On Thursday morning, gold tumbled to a daily low of $1,859.20 an ounce. Since then, December Comex gold futures managed to recover somewhat and were last trading at $1,871.70, down 0.40% on the day.

The uncertainty surrounding the U.S. election and the rise in coronavirus cases worldwide is keeping investors in the wait-and-see mode.

"Investor behavior is synonymous to a 'fight, flight or freezes' response — the uncertainty is keeping money on the sidelines, and few bids in the market," the strategists noted.

On top of that, the gold market is still seeing a lot of longs in the market due to gold's longer-term supportive drivers. If those pro-gold views change, the longs present a threat of another selloff wave, TD Securities added.

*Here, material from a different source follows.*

(* Let $R\in\{\mathrm{ML},\mathrm{wML},\mathrm{C},\mathrm{S}\}$ and let $[p,q]\in\mathscr I$ with $p<q$. Then there is a precise forecasting system $\varphi$ with $\varphi(s)\subseteq[p,q]$ for all $s\in\mathbb S$ such that any path $\omega\in\Omega$ is $R$-random for $\varphi$ if and only if it is $R$-random for $[p,q]$.
   Context: Notation: $\mathbb N=\{1,2,\dots\}$, $\mathbb N_0=\mathbb N\cup\{0\}$. $\Omega=\{0,1\}^{\mathbb N}$ is the set of paths $\omega=(\omega_1,\omega_2,\dots)$; $\omega_{1:n}=(\omega_1,\dots,\omega_n)$, $\omega_{1:0}=\square$ (empty sequence). $\mathbb S=\bigcup_{n\in\mathbb N_0}\{0,1\}^n$ is the set of situations, $|s|$ the length, $sx$ concatenation. $\mathscr I$ is the set of closed intervals $I\subseteq[0,1]$ (singletons identified with numbers). For $r\in[0,1]$ and $f:\{0,1\}\to\mathbb R$, $E_r(f)=rf(1)+(1-r)f(0)$; for $I\in\mathscr I$, $\overline E_I(f)=\max_{r\in I}E_r(f)$. A forecasting system is a map $\varphi:\mathbb S\to\mathscr I$; it is precise if every $\varphi(s)$ is a singleton; a stationary (constant) forecasting system with value $I$ is identified with $I$. A real process is $F:\mathbb S\to\mathbb R$; $\Delta F(s)$ is the function $x\mapsto F(sx)-F(s)$. $M$ is a supermartingale for $\varphi$ if $\overline E_{\varphi(s)}(\Delta M(s))\le0$ for all $s$. A test process is a non-negative real process with $F(\square)=1$; a test supermartingale for $\varphi$ is a test process that is a supermartingale for $\varphi$. A multiplier process $D$ assigns to each $s$ a function $D(s):\{0,1\}\to[0,\infty)$ and generates the test process $F(\square)=1$, $F(sx)=F(s)D(s)(x)$. Computability: maps from countable effectively encoded domains to $\mathbb N_0$ or $\mathbb Q$ are recursive if Turing-computable; a real map $r$ on such a domain $\mathscr D$ is lower semicomputable if $r(d)=\lim_n q(d,n)$ for a recursive rational $q$ non-decreasing in $n$, and computable if $|r(d)-q(d,n)|<2^{-n}$ for some recursive rational $q$. $\mathscr F_{\mathrm{ML}}$: lower semicomputable test processes; $\mathscr F_{\mathrm{wML}}$: test processes generated by lower semicomputable multiplier processes; $\mathscr F_{\mathrm C}=\mathscr F_{\mathrm S}$: positive rational-valued recursive test processes. $\overline{\mathbb T}_R(\varphi)$ is the set of elements of $\mathscr F_R$ that are test supermartingales for $\varphi$. For $R\in\{\mathrm{ML},\mathrm{wML},\mathrm C\}$, $\omega$ is $R$-random for $\varphi$ if no $T\in\overline{\mathbb T}_R(\varphi)$ has $\limsup_nT(\omega_{1:n})=\infty$. A real growth function is a computable, non-decreasing, unbounded $\tau:\mathbb N_0\to[0,\infty)$; $\omega$ is S-random for $\varphi$ if there are no $T\in\overline{\mathbb T}_{\mathrm S}(\varphi)$ and real growth function $\tau$ with $\limsup_n[T(\omega_{1:n})-\tau(n)]\ge0$. $R$-random for an interval $I$ means $R$-random for the stationary forecasting system with value $I$. *)

From Stdlib Require Import Reals List Lra Arith.
Import ListNotations.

"The longer-term narrative has attracted a swarm of gold bugs, who are at risk of liquidating. While position sizes are in line with expectations, the number of traders long gold is elevated — which suggests a risk to their positions should the bullish gold narrative face adversity," the strategists wrote. "Further probing into who is long COMEX gold reveals that 'other reportables' — a category which largely includes proprietary trading houses, algorithmic traders, and local traders — are largely behind this speculative bet."